Wednesday evening’s eerie light in the sky was not a rocket launch or Santa riding his sleigh, but a meteor plunging into the Pacific Ocean, a NASA expert confirmed Thursday afternoon.
Meteor astronomer Peter Jenniskens said he, like many people in Berkeley, was “very excited” to witness the “spectacular” phenomenon around 5:30 p.m. Wednesday.
It is “fairly rare” for such events to occur right at twilight, when dust particles can linger in “broad sunlight,” creating the bright, squiggly cloud-like effect visible from Berkeley, Jenniskens said on a phone interview. The loopy pattern was the result of the wind changing direction and speed as the rock moved through the atmosphere, about 30 miles up.
“We’re just setting up more cameras in California to try to capture these events,” said the NASA and SETI Institute researcher.
“The current understanding is most of these rocks are coming from the asteroid belt. The question is, where in the asteroid belt?” Jenniskens said. “Then we have to find the meteorite. If a rock comes into the atmosphere, it breaks into pieces and scatters.”
Those bits of space rock can land about five miles apart from each other, Jenniskens said. That means any remnants of Wednesday night’s event are somewhere about 50 miles out past Half Moon Bay.
Video below by David Jacobowitz:
But do some digging around if the next fireball falls over land.

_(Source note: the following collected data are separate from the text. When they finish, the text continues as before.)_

(* Let $G$ be a connected graph with $|V(G)| \ge 3$. Then $\det'(G) = \det(L(G))$ if and only if $G \notin \{G_1, G_2, G_3\}$, where $G_1,G_2,G_3$ are the following graphs on vertex set $\{1,2,3,4\}$: $G_1$ has edges $\{1,2\},\{2,3\},\{2,4\},\{3,4\}$; $G_2$ has edges $\{1,2\},\{2,3\},\{3,4\},\{1,3\},\{2,4\}$; $G_3 = K_4$.
   Context: All graphs are finite and simple. An automorphism of $G$ is an adjacency-preserving bijection of $V(G)$; $\mathrm{Aut}(G)$ is the automorphism group. A vertex subset $S$ is a vertex determining set if the only automorphism fixing every vertex of $S$ is the identity; the determining number $\det(G)$ is the minimum size of a vertex determining set. For a graph $G$ with at most one isolated vertex and no component isomorphic to $K_2$, an edge subset $T$ is an edge determining set if the only $\phi\in\mathrm{Aut}(G)$ satisfying $\{\phi(u),\phi(v)\}=\{u,v\}$ for all $\{u,v\}\in T$ is the identity; the determining index $\det'(G)$ is the minimum size of an edge determining set. $L(G)$ denotes the line graph of $G$: its vertices are the edges of $G$, two being adjacent when they share an endvertex. *)

From mathcomp Require Import all_boot all_order all_fingroup.
Set Implicit Arguments. Unset Strict Implicit. Unset Printing Implicit Defensive.

Definition simple_graph (T : finType) (e : rel T) : Prop :=
  symmetric e /\ irreflexive e.

Definition connected_graph (T : finType) (e : rel T) : Prop :=
  forall x y : T, connect e x y.

Definition is_aut (T : finType) (e : rel T) (f : {perm T}) : bool :=
  [forall x, forall y, e (f x) (f y) == e x y].

Definition vdetermining (T : finType) (e : rel T) (S : {set T}) : bool :=
  [forall f : {perm T}, (is_aut e f && [forall x in S, f x == x]) ==> (f == 1%g)].

Definition det_number (T : finType) (e : rel T) : nat :=
  #|[arg min_(S < [set: T] | vdetermining e S) #|S| ]|.

Definition is_edge (T : finType) (e : rel T) (s : {set T}) : bool :=
  [exists x, exists y, e x y && (s == [set x; y])].

Definition edge_type (T : finType) (e : rel T) := {s : {set T} | is_edge e s}.

Definition line_rel (T : finType) (e : rel T) : rel (edge_type e) :=
  fun a b => (a != b) && (val a :&: val b != set0).

Definition edetermining (T : finType) (e : rel T) (X : {set edge_type e}) : bool :=
  [forall f : {perm T},
     (is_aut e f && [forall a in X, f @: val a == val a]) ==> (f == 1%g)].

Definition det_index (T : finType) (e : rel T) : nat :=
  #|[arg min_(X < [set: edge_type e] | edetermining X) #|X| ]|.

Definition iso_to (T : finType) (e : rel T) (g : rel 'I_4) : Prop :=
  exists h : T -> 'I_4, bijective h /\ forall x y, e x y = g (h x) (h y).

(* Vertices 1,2,3,4 of the paper are 0,1,2,3 here. *)
Definition edge_list_rel (l : seq (nat * nat)) : rel 'I_4 :=
  fun i j => ((nat_of_ord i, nat_of_ord j) \in l) || ((nat_of_ord j, nat_of_ord i) \in l).

Definition G1 : rel 'I_4 := edge_list_rel [:: (0,1); (1,2); (1,3); (2,3)].
Definition G2 : rel 'I_4 := edge_list_rel [:: (0,1); (1,2); (2,3); (0,2); (1,3)].
Definition G3 : rel 'I_4 := fun i j => i != j.
Arguments line_rel [T] e _ _.
Arguments edetermining [T] e X.

From mathcomp Require Import all_boot all_order all_fingroup.
Set Implicit Arguments. Unset Strict Implicit. Unset Printing Implicit Defensive.

(* An automorphism of G acts on edges, hence on L(G), and for connected G with at least
   3 vertices this action is faithful; so every vertex determining set of L(G) is an edge
   determining set of G, and det'(G) <= det(L(G)).

   Conversely (Whitney), an automorphism psi of L(G) maps every set of three edges through
   a common vertex to such a set: three pairwise adjacent edges form either a triangle,
   which every edge of G meets an even number of times, or a star at a vertex v; and if no
   edge meets a star an odd number of times, G has only the four vertices of the star and
   is G1, G2, K4, or has all its edges at v.  Outside G1, G2, K4, psi therefore maps stars
   to stars, which defines a vertex map of G inducing psi; it is an automorphism, and an
   edge determining set of G is a vertex determining set of L(G).

   For G1, G2, K4 one checks det' = 1, 1, 2, while L(G) has 2, 2, 3 disjoint pairs of
   twin vertices; the transposition of a twin pair is an automorphism of L(G), so every
   vertex determining set meets every twin pair. *)

Lemma is_autP (T : finType) (r : rel T) (f : {perm T}) :
  is_aut r f -> forall x y, r (f x) (f y) = r x y.
Proof. by move=> /forallP h x y; have /forallP/(_ y)/eqP := h x. Qed.

Lemma is_autV (T : finType) (r : rel T) (f : {perm T}) : is_aut r f -> is_aut r f^-1.
Proof.
move=> fa; apply/forallP => x; apply/forallP => y.
by rewrite -(is_autP fa) !permKV.
Qed.
(* Let $q \in Q$ and suppose $R_q$ consists of a single simple path. Then the polytope $\bar{P}(\mathcal{C}_q) = \{ (x,y) \in [0,1]^{|N|+1} : \sum_{j \in S} x_j \ge y \ \forall S \in \mathcal{C}_q\}$ is integral, i.e., all its vertices are integral.
   Context: Let $G=(N,A)$ be a finite undirected graph with edge lengths $\ell_e > 0$, and let $d>0$ be the travel range, with $\ell_e \le d$ for every edge. A path is a sequence $r=(v_0,v_1,\dots,v_m)$, $m\ge 1$, of nodes in which consecutive nodes are joined by an edge (nodes may repeat); $r$ is simple if its nodes are distinct. For $x \in \{0,1\}^N$ ($x_j = 1$ meaning a charging station at node $j$), path $r$ is repeatedly traversable under $x$ if, letting $W=(v_0,\dots,v_m,v_{m-1},\dots,v_0)$ be the round trip along $r$ (same path out and back), at least one node of $r$ has $x_j=1$ and, in the infinite periodic repetition of $W$, the distance travelled between any two consecutive visits to nodes with a station is at most $d$. Let $Q$ be a finite set of demands; each $q\in Q$ has a finite nonempty set $R_q$ of paths. For each $q \in Q$ and $r \in R_q$, $\mathcal{D}_{q,r}\subseteq 2^N$ is a family of node sets such that for every $x \in \{0,1\}^N$: $r$ is repeatedly traversable under $x$ if and only if $\sum_{j\in S} x_j \ge 1$ for all $S \in \mathcal{D}_{q,r}$. Define $\mathcal{C}_q = \{ \bigcup_{r \in R_q} S_r : S_r \in \mathcal{D}_{q,r} \text{ for each } r \in R_q\}$. *)

From HB Require Import structures.
From mathcomp Require Import all_boot all_order all_algebra.
From mathcomp Require Import reals.
Set Implicit Arguments. Unset Strict Implicit. Unset Printing Implicit Defensive.
Import Order.TTheory GRing.Theory Num.Theory.
Local Open Scope ring_scope.

Section Defs.
Variables (R : realType) (N : finType).

Definition is_path (adj : rel N) (r : seq N) : bool :=
  if r is v0 :: s then (0 < size s)%N && path adj v0 s else false.

(* One period of the round trip (v0,..,vm,v_{m-1},..,v1) (back at v0 closes it). *)
Definition roundtrip (r : seq N) : seq N := r ++ behead (rev (behead r)).

Definition rt_node (r : seq N) (v0 : N) (i : nat) : N :=
  nth v0 (roundtrip r) (i %% size (roundtrip r)).

Definition traversable (ell : N -> N -> R) (d : R) (x : {ffun N -> bool})
    (r : seq N) : Prop :=
  has x r /\
  forall v0 (i k : nat), (0 < k)%N ->
    x (rt_node r v0 i) -> x (rt_node r v0 (i + k)) ->
    (forall t, (0 < t < k)%N -> ~~ x (rt_node r v0 (i + t))) ->
    \sum_(t < k) ell (rt_node r v0 (i + t)) (rt_node r v0 (i + t).+1) <= d.

Definition Cq (paths : seq (seq N)) (D : seq N -> {set {set N}})
    (S : {set N}) : Prop :=
  exists f : seq N -> {set N},
    (forall r, r \in paths -> f r \in D r) /\ S = \bigcup_(r <- paths) f r.

Definition Pbar (C : {set N} -> Prop) (x : {ffun N -> R}) (y : R) : Prop :=
  (forall j, 0 <= x j <= 1) /\ 0 <= y <= 1 /\
  forall S, C S -> y <= \sum_(j in S) x j.

Definition is_vertex (P : {ffun N -> R} -> R -> Prop) (x : {ffun N -> R}) (y : R)
  : Prop :=
  P x y /\
  forall (x1 x2 : {ffun N -> R}) (y1 y2 t : R),
    P x1 y1 -> P x2 y2 -> 0 < t < 1 ->
    x = [ffun j => t * x1 j + (1 - t) * x2 j] -> y = t * y1 + (1 - t) * y2 ->
    x1 = x2 /\ y1 = y2.

Definition integral_polytope (P : {ffun N -> R} -> R -> Prop) : Prop :=
  forall x y, is_vertex P x y -> (forall j, x j \is a Num.int) /\ y \is a Num.int.

End Defs.

(* A vertex (x, y) of Pbar(C) has y = 0 or y = 1: for 0 < y < 1 it is the proper convex
   combination y (x+, 1) + (1 - y) (x-, 0) of two points of Pbar(C), where
   x+_j = min(1, x_j / y) and x-_j = max(0, (x_j - y) / (1 - y)).
   For a single simple path r, every S in D_{q,r} contains a window {r_a, ..., r_(b-1)}
   which in turn contains a member of D_{q,r}: with stations exactly outside S some leg of
   the round trip between consecutive stations is too long; the nodes visited strictly inside
   that leg form a window of r, since the position along r moves by one at each step; and with
   stations exactly outside this window the same leg is still too long.  Hence, once y is an
   integer, Pbar(C_q) is cut out by integer lower bounds on differences z_u - z_w of the
   prefix sums z_k = x_(s_0) + ... + x_(s_(k-1)) along an enumeration s of N starting with r.
   If some z_k were fractional, shifting by +e and by -e every z_u with z_u - z_k integral
   keeps all these bounds for small e > 0, so x would be the midpoint of two other points. *)

From HB Require Import structures.
From mathcomp Require Import all_boot all_order all_algebra.
From mathcomp Require Import reals.
From mathcomp Require Import ring lra zify.
From Stdlib Require Import Classical.
Import Order.TTheory GRing.Theory Num.Theory.
Set Implicit Arguments. Unset Strict Implicit. Unset Printing Implicit Defensive.
Local Open Scope ring_scope.

Definition zigzag (m p : nat) : nat :=
  let q := (p %% m.*2)%N in if (q <= m)%N then q else (m.*2 - q)%N.

Definition nat_lipschitz (f : nat -> nat) : Prop :=
  forall p, (f p.+1 <= (f p).+1)%N /\ (f p <= (f p.+1).+1)%N.

Lemma zigzag_le m p : (zigzag m p <= m)%N.
Proof. by rewrite /zigzag /=; case: ifP => q_m; lia. Qed.

Lemma zigzag_lipschitz m : nat_lipschitz (zigzag m).
Proof.
move=> p; rewrite /zigzag /=.
case: (posnP m) => [->|m_gt0]; first by rewrite !modn0 /=; case: p.
have q_lt : (p %% m.*2 < m.*2)%N by rewrite ltn_mod double_gt0.
rewrite modnS; case: (boolP (m.*2 %| p.+1)%N) => [dvd_p1|_] /=.
  have -> : (p %% m.*2 = m.*2.-1)%N.
    have : ((p %% m.*2).+1 %% m.*2 = 0)%N by rewrite -addn1 modnDml addn1; exact/eqP.
    case: (ltngtP (p %% m.*2).+1 m.*2) => [q1_lt|q1_gt|q1_eq];
      [by rewrite modn_small | lia | lia].
  by repeat case: ifP => ?; lia.
by repeat case: ifP => ?; lia.
Qed.

Lemma rt_node_zigzag (N : finType) (r : seq N) v0 p : (1 < size r)%N ->
  rt_node r v0 p = nth v0 r (zigzag (size r).-1 p).
Proof.
move=> r_gt1.
have size_rt : size (roundtrip r) = (size r).-1.*2.
  by rewrite /roundtrip size_cat size_behead size_rev size_behead; lia.
have q_lt : (p %% (size r).-1.*2 < (size r).-1.*2)%N by rewrite ltn_mod; lia.
rewrite /rt_node size_rt /roundtrip /zigzag nth_cat.
case: ifP => [q_le|q_gt]; first by rewrite ifT //; lia.
rewrite ifF; last lia.
rewrite nth_behead nth_rev size_behead; last lia.
by rewrite nth_behead; congr nth; lia.
Qed.

Section NatLipschitz.
Variable f : nat -> nat.
Hypothesis f_lip : nat_lipschitz f.

Lemma nat_ivt a b c : (a <= b)%N -> (f a <= c <= f b)%N || (f b <= c <= f a)%N ->
  exists2 t, (a <= t <= b)%N & f t = c.
Proof.
elim: b => [|b IH] a_le c_between.
  by exists 0%N; [lia | move: a_le c_between; rewrite leqn0 => /eqP ->; lia].
have [a_eq|a_le_b] : a = b.+1 \/ (a <= b)%N by lia.
  by exists b.+1; [lia | move: c_between; rewrite a_eq; lia].
have := f_lip b.
case: (boolP ((f a <= c <= f b) || (f b <= c <= f a))%N) => [c_ab _|c_nab f_step].
  by have [t t_ab ft] := IH a_le_b c_ab; exists t; [lia | ].
by exists b.+1; [lia | lia].
Qed.

Lemma lipschitz_image_interval m a b : (forall p, f p <= m)%N ->
  exists lo hi, (lo <= hi <= m.+1)%N /\
    forall c, (exists2 t, (a <= t < b)%N & f t = c) <-> (lo <= c < hi)%N.
Proof.
move=> f_le; case: (leqP b a) => [b_le|a_lt].
  by exists 0%N, 0%N; split=> // c; split=> [[t]|]; lia.
pose P c := c \in [seq f t | t <- index_iota a b].
have PE c : P c <-> exists2 t, (a <= t < b)%N & f t = c.
  rewrite /P; split=> [/mapP[t t_ab ->]|[t t_ab <-]].
    by exists t; rewrite // -mem_index_iota.
  by apply: map_f; rewrite mem_index_iota.
have P_ex : exists c, P c by exists (f a); apply/PE; exists a; lia.
have P_le c : P c -> (c <= m)%N by move/PE=> [t _ <-].
case: (ex_minnP P_ex) => lo /PE[t1 t1_ab ft1] lo_min.
case: (ex_maxnP P_ex P_le) => hi /PE[t2 t2_ab ft2] hi_max.
have P_hi : P hi by apply/PE; exists t2.
exists lo, hi.+1; split=> [|c]; first by have := lo_min _ P_hi; have := f_le t2; lia.
split=> [/PE Pc|c_in]; first by have := lo_min _ Pc; have := hi_max _ Pc; lia.
have [t1_le|t2_le] := leqP t1 t2.
  have [|t t_ab ft] := nat_ivt (c := c) t1_le; first by rewrite ft1 ft2; lia.
  by exists t; [lia | ].
have [|t t_ab ft] := nat_ivt (c := c) (ltnW t2_le); first by rewrite ft1 ft2; lia.
by exists t; [lia | ].
Qed.

End NatLipschitz.

Section Windows.
Variable N : finType.
Implicit Types (r t : seq N) (C : {set N} -> Prop).

Definition window r (a b : nat) : {set N} := [set j | (a <= index j r < b)%N].

Definition window_sandwich r C : Prop :=
  forall S, C S -> exists a b, [/\ (a <= b <= size r)%N, window r a b \subset S
                                & exists2 S', C S' & S' \subset window r a b].

Lemma window_cat r t a b : (b <= size r)%N -> window (r ++ t) a b = window r a b.
Proof.
move=> b_le; apply/setP=> j; rewrite !inE index_cat.
case: ifP => // /negbT/memNindex ->.
by rewrite !ltnNge b_le (leq_trans b_le (leq_addr _ _)) !andbF.
Qed.

Lemma window_sandwich_cat r t C : window_sandwich r C -> window_sandwich (r ++ t) C.
Proof.
move=> C_win S /C_win[a [b [ab_le W_S W_C]]]; exists a, b.
by rewrite size_cat window_cat; [split=> //; lia | lia].
Qed.

Lemma window_sandwich_ext r C C' : (forall S, C S <-> C' S) ->
  window_sandwich r C -> window_sandwich r C'.
Proof.
move=> CC' C_win S /CC'/C_win[a [b [ab_le W_S [S' /CC' C'S' S'_W]]]].
by exists a, b; split=> //; exists S'.
Qed.

Lemma sum_window (R : realType) r v a b (F : N -> R) : uniq r -> (b <= size r)%N ->
  \sum_(j in window r a b) F j = \sum_(a <= c < b) F (nth v r c).
Proof.
move=> r_uniq b_le; rewrite -(big_map (nth v r) xpredT) big_uniq; last first.
  rewrite map_inj_in_uniq ?iota_uniq // => c c'.
  rewrite !mem_index_iota => /andP[_ c_lt] /andP[_ c'_lt] /eqP.
  by rewrite nth_uniq //; [move/eqP | exact: leq_trans b_le | exact: leq_trans b_le].
apply: eq_bigl => j; rewrite inE; apply/idP/mapP => [j_W|[c c_ab ->]].
  have j_r : j \in r by rewrite -index_mem; case/andP: j_W => _ /leq_trans; apply.
  by exists (index j r); rewrite ?nth_index // mem_index_iota.
move: c_ab; rewrite mem_index_iota => /andP[c_ge c_lt].
by rewrite index_uniq ?c_ge //; exact: leq_trans b_le.
Qed.

End Windows.

Section Traversal.
Variables (R : realType) (N : finType) (ell : N -> N -> R) (d : R).
Implicit Types (r : seq N) (x : {ffun N -> bool}).

Definition stations_outside (A : {set N}) : {ffun N -> bool} := [ffun j => j \notin A].

Definition overlong_leg x r v0 i k : Prop :=
  [/\ (0 < k)%N, x (rt_node r v0 i), x (rt_node r v0 (i + k)),
      forall t, (0 < t < k)%N -> ~~ x (rt_node r v0 (i + t))
    & d < \sum_(t < k) ell (rt_node r v0 (i + t)) (rt_node r v0 (i + t).+1)].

“One could be sitting in your backyard. Or one could have fell through roof. We really like people to be on the lookout,” Jenniskens said.
The astronomer encouraged anyone who witnesses or documents a meteor to report the sighting to the American Meteor Society. The crowd-sourced firsthand reports, along with images from NASA and cellphone cameras, can help scientists determine the origin and destination of these events.
“We’re still at the very beginning of this research,” Jenniskens said.